What the task asks: In the data that follows, find the line with "move=> cx; pose"; transcribe it, every later line up to the one with "by apply: filterE", and that line as well, exactly and with no others.
=== Begin Enclosure ===
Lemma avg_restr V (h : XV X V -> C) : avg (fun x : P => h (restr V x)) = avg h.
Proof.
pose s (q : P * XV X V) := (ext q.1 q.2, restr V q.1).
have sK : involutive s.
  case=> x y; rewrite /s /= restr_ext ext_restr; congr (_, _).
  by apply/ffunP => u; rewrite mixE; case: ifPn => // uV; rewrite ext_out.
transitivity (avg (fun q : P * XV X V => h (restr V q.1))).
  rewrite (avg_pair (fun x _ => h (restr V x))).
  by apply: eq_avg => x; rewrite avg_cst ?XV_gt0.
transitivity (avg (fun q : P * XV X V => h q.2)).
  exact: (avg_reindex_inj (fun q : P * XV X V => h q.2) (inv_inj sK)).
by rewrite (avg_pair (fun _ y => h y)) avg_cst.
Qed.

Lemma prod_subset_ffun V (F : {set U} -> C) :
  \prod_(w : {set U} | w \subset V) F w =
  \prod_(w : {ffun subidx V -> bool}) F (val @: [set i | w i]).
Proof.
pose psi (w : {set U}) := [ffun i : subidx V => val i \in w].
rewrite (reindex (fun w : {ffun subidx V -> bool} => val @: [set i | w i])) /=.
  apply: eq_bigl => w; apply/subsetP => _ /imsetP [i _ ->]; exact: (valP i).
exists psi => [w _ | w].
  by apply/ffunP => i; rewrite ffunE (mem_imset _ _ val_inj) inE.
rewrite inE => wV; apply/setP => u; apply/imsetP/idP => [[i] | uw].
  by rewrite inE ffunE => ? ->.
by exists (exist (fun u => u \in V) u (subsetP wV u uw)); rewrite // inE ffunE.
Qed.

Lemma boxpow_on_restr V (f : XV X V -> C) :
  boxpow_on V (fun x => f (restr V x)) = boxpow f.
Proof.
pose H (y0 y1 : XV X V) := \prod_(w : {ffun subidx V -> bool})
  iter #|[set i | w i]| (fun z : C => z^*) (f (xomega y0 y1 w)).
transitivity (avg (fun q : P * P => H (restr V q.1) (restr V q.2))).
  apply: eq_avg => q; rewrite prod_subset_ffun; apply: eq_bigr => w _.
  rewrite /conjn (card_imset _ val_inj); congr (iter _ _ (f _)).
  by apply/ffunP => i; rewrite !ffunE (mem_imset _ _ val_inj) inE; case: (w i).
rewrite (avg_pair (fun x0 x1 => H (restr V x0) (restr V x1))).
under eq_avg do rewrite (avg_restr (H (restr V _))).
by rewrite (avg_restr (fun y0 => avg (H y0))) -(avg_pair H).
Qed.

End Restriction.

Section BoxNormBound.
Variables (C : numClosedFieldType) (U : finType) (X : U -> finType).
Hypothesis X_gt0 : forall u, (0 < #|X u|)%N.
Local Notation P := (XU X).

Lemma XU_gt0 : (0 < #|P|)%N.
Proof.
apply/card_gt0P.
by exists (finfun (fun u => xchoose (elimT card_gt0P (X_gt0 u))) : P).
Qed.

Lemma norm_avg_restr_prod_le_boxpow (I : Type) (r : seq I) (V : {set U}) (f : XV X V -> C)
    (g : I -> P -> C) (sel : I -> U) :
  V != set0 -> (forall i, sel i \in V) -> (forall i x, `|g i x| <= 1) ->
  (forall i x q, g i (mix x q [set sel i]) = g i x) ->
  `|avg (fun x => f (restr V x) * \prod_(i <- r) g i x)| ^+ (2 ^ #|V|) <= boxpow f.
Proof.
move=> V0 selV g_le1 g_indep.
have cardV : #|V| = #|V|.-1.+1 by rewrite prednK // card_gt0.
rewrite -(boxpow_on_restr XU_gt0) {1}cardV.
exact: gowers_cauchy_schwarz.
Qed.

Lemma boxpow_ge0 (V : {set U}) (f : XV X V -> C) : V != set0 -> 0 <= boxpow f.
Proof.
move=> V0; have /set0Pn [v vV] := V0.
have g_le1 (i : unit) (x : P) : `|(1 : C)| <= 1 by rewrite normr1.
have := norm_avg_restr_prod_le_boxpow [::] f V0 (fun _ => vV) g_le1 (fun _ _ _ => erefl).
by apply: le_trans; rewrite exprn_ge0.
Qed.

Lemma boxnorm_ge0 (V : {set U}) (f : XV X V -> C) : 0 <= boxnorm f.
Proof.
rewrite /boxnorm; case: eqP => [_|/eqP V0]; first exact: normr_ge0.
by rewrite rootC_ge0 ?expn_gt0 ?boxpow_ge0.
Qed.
=== End Enclosure ===
=== Begin Enclosure ===
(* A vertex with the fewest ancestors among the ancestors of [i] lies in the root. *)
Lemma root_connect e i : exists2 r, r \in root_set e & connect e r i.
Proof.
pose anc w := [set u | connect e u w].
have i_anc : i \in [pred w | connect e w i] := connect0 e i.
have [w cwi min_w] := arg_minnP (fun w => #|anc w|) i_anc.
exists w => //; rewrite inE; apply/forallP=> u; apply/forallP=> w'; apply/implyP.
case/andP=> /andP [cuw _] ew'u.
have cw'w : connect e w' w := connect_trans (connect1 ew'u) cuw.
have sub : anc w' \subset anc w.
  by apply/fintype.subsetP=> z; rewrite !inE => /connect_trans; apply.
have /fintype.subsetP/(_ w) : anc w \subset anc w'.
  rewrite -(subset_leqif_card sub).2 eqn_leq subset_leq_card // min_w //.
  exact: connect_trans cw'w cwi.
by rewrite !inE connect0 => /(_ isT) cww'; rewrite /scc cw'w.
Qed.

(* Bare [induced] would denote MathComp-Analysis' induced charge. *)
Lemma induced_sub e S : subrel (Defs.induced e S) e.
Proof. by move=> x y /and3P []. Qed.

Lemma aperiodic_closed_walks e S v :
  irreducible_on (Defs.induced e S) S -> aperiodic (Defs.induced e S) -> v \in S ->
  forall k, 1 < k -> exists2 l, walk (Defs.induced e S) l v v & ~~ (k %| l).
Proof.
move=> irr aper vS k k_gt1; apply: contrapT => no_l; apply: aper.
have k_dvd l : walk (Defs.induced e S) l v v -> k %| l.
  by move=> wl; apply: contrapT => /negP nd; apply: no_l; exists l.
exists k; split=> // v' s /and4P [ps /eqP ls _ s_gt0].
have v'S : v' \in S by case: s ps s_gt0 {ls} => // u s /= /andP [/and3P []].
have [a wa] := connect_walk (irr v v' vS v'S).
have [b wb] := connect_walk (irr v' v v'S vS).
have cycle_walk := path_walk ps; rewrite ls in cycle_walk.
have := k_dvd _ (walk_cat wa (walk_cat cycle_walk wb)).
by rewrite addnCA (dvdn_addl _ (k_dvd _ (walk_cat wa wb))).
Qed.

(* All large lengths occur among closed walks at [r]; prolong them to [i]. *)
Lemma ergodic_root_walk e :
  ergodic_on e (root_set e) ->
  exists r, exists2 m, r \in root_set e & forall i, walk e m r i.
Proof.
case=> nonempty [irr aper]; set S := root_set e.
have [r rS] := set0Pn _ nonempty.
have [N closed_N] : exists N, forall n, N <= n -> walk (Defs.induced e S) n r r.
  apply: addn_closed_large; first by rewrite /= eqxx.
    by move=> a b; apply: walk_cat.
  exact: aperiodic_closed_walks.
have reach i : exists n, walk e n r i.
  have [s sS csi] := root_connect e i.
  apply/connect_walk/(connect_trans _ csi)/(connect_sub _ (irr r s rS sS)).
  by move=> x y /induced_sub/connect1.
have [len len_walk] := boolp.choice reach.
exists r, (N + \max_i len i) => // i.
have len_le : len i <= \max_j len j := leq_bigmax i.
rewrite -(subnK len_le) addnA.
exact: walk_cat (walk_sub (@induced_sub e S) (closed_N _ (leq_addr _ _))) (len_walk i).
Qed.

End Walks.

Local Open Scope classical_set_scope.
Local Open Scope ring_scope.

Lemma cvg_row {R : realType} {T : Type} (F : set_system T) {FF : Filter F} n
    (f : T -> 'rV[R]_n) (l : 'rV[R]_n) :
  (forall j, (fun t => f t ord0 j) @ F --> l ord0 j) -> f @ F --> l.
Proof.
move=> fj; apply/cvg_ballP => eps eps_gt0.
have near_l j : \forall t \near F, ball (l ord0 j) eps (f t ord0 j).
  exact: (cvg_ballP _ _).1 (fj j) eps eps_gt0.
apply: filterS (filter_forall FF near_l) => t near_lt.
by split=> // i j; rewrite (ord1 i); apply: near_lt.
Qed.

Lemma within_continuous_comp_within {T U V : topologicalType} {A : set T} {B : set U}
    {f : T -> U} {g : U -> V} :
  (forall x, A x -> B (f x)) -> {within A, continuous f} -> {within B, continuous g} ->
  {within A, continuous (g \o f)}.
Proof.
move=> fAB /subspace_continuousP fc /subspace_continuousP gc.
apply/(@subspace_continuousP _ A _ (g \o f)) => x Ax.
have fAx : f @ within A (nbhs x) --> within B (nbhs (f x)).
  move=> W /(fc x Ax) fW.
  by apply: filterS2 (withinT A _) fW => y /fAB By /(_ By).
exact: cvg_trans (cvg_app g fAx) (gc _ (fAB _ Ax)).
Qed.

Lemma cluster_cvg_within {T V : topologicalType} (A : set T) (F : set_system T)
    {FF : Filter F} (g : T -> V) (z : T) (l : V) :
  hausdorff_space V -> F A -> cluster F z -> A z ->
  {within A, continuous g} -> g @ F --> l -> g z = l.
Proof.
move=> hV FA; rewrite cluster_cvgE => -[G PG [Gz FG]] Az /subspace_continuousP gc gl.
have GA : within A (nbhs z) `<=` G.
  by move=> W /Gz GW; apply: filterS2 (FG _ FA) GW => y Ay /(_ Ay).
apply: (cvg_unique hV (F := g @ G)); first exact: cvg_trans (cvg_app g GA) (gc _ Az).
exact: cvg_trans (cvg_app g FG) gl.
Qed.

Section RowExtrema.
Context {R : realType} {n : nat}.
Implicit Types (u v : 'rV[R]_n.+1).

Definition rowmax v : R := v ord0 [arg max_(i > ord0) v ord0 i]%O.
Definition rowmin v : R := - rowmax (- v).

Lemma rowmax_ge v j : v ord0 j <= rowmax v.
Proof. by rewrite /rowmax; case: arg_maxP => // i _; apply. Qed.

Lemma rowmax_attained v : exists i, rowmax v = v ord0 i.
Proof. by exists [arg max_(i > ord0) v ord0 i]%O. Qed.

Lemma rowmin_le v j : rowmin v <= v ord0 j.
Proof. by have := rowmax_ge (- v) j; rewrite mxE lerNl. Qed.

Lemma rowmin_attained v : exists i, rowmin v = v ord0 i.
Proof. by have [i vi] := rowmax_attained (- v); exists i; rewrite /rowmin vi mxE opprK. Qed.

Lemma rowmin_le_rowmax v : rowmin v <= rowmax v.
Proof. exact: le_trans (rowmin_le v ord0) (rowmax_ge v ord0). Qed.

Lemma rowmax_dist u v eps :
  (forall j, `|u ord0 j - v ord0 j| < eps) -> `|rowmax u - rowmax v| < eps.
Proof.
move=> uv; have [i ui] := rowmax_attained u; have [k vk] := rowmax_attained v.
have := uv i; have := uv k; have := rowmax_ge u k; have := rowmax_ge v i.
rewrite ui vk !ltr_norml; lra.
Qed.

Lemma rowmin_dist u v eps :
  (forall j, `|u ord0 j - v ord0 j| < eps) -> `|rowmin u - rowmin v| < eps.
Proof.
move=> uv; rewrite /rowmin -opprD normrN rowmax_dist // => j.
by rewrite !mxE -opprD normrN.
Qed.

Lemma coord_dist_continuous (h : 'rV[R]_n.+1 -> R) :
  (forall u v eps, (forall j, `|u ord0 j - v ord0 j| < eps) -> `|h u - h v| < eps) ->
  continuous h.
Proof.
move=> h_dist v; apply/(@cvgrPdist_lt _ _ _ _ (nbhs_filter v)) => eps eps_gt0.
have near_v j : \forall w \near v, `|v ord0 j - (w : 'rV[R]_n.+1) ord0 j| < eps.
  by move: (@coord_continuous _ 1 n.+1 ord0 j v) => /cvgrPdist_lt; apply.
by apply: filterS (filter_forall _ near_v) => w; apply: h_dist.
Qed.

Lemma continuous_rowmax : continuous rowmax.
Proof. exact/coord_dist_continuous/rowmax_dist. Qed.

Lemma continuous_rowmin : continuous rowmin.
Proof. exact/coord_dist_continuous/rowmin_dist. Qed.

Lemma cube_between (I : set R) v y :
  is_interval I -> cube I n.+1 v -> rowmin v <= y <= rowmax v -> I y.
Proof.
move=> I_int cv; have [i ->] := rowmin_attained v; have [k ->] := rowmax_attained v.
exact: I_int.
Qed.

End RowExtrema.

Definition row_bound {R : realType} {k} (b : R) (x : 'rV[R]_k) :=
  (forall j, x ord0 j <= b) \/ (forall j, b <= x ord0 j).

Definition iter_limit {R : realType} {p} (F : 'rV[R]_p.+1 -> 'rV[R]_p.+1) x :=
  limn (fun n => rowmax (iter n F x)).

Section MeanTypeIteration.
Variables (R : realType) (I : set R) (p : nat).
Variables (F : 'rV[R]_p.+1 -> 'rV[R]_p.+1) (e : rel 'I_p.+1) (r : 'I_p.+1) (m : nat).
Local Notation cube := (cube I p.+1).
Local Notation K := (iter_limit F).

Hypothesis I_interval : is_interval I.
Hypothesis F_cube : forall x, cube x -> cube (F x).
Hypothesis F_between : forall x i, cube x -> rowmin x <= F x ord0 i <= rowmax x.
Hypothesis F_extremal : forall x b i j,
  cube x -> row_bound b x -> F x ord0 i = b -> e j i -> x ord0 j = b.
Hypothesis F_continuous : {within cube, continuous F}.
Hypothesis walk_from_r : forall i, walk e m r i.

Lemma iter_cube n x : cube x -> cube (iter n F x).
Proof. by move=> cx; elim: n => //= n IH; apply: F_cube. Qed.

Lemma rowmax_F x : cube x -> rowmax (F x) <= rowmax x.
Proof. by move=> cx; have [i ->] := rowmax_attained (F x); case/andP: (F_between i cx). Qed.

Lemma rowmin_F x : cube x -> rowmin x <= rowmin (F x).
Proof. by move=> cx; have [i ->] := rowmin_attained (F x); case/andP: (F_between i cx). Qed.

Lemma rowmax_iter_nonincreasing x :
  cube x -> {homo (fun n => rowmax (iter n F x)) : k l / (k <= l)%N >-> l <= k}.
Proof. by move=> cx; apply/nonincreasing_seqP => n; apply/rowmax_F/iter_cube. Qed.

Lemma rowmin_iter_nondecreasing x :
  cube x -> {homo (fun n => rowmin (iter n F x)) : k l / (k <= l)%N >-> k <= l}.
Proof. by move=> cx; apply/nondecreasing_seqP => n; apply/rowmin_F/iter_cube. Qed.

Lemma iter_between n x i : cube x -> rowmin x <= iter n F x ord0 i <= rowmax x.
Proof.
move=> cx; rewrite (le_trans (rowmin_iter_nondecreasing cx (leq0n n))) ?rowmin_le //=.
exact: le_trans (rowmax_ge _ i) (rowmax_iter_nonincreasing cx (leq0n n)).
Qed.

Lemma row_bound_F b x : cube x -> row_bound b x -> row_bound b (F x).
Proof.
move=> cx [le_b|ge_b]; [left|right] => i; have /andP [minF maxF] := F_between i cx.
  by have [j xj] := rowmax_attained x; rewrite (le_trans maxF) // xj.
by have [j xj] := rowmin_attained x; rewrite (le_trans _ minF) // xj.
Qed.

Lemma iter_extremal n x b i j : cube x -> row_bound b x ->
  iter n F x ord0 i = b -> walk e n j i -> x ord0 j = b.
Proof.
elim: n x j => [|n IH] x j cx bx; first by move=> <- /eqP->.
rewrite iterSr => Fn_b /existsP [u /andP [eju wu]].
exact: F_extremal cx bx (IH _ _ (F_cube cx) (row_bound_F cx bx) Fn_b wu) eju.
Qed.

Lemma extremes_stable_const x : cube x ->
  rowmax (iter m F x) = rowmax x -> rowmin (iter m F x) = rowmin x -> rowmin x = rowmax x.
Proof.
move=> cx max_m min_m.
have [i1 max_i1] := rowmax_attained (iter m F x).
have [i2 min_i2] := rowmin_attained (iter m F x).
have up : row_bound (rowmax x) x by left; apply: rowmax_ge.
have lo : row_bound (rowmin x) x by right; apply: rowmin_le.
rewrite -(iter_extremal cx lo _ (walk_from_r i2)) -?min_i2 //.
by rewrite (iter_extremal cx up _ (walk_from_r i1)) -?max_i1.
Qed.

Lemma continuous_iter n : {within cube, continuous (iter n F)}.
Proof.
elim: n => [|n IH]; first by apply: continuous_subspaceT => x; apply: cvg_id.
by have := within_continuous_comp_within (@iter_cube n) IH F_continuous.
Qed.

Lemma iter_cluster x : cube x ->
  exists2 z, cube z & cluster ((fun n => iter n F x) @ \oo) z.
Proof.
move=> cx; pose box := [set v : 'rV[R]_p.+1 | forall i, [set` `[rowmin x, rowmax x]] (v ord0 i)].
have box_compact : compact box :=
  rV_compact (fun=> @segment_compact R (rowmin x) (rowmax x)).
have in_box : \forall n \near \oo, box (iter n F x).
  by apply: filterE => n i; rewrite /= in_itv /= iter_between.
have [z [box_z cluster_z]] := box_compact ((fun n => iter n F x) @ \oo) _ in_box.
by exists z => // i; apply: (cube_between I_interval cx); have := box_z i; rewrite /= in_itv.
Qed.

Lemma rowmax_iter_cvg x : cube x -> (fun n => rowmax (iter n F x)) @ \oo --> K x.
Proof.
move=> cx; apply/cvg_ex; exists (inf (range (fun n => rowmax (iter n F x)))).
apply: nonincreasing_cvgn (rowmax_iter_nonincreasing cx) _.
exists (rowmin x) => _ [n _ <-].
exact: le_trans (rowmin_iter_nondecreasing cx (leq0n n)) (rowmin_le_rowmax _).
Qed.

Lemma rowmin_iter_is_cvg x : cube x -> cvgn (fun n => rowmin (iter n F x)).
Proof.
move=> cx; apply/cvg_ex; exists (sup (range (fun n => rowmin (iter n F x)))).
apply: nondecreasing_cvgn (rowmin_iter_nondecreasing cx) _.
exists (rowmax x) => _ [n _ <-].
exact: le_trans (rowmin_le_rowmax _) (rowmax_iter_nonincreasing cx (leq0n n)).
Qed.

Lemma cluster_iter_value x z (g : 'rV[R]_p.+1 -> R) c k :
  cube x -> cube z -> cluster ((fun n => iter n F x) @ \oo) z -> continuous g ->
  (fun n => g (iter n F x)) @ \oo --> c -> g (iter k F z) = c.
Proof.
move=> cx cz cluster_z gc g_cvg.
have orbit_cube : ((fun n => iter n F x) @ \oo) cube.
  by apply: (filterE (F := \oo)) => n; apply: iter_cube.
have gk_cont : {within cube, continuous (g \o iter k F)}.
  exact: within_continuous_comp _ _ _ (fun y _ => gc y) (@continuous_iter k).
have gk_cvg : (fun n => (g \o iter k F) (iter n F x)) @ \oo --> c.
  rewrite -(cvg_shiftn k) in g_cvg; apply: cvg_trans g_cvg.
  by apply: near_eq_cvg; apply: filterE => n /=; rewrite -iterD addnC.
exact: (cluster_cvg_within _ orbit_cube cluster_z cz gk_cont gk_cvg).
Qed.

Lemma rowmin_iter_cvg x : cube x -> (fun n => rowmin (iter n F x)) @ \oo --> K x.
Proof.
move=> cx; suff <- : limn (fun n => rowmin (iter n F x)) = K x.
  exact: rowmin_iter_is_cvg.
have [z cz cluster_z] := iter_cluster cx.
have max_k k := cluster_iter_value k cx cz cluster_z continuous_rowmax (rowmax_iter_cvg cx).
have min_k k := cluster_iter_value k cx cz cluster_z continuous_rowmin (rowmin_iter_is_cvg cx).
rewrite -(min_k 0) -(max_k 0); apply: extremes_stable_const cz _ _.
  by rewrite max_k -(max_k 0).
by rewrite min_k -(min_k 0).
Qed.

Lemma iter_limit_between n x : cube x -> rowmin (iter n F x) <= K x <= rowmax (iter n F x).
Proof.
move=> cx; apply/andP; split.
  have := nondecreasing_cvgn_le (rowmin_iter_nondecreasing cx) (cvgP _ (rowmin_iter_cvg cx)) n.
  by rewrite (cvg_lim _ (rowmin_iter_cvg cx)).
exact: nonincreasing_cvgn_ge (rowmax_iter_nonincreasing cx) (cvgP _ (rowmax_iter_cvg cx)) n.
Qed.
=== End Enclosure ===
Response below:
move=> cx; pose box := [set v : 'rV[R]_p.+1 | forall i, [set` `[rowmin x, rowmax x]] (v ord0 i)].
have box_compact : compact box :=
  rV_compact (fun=> @segment_compact R (rowmin x) (rowmax x)).
have in_box : \forall n \near \oo, box (iter n F x).
  by apply: filterE => n i; rewrite /= in_itv /= iter_between.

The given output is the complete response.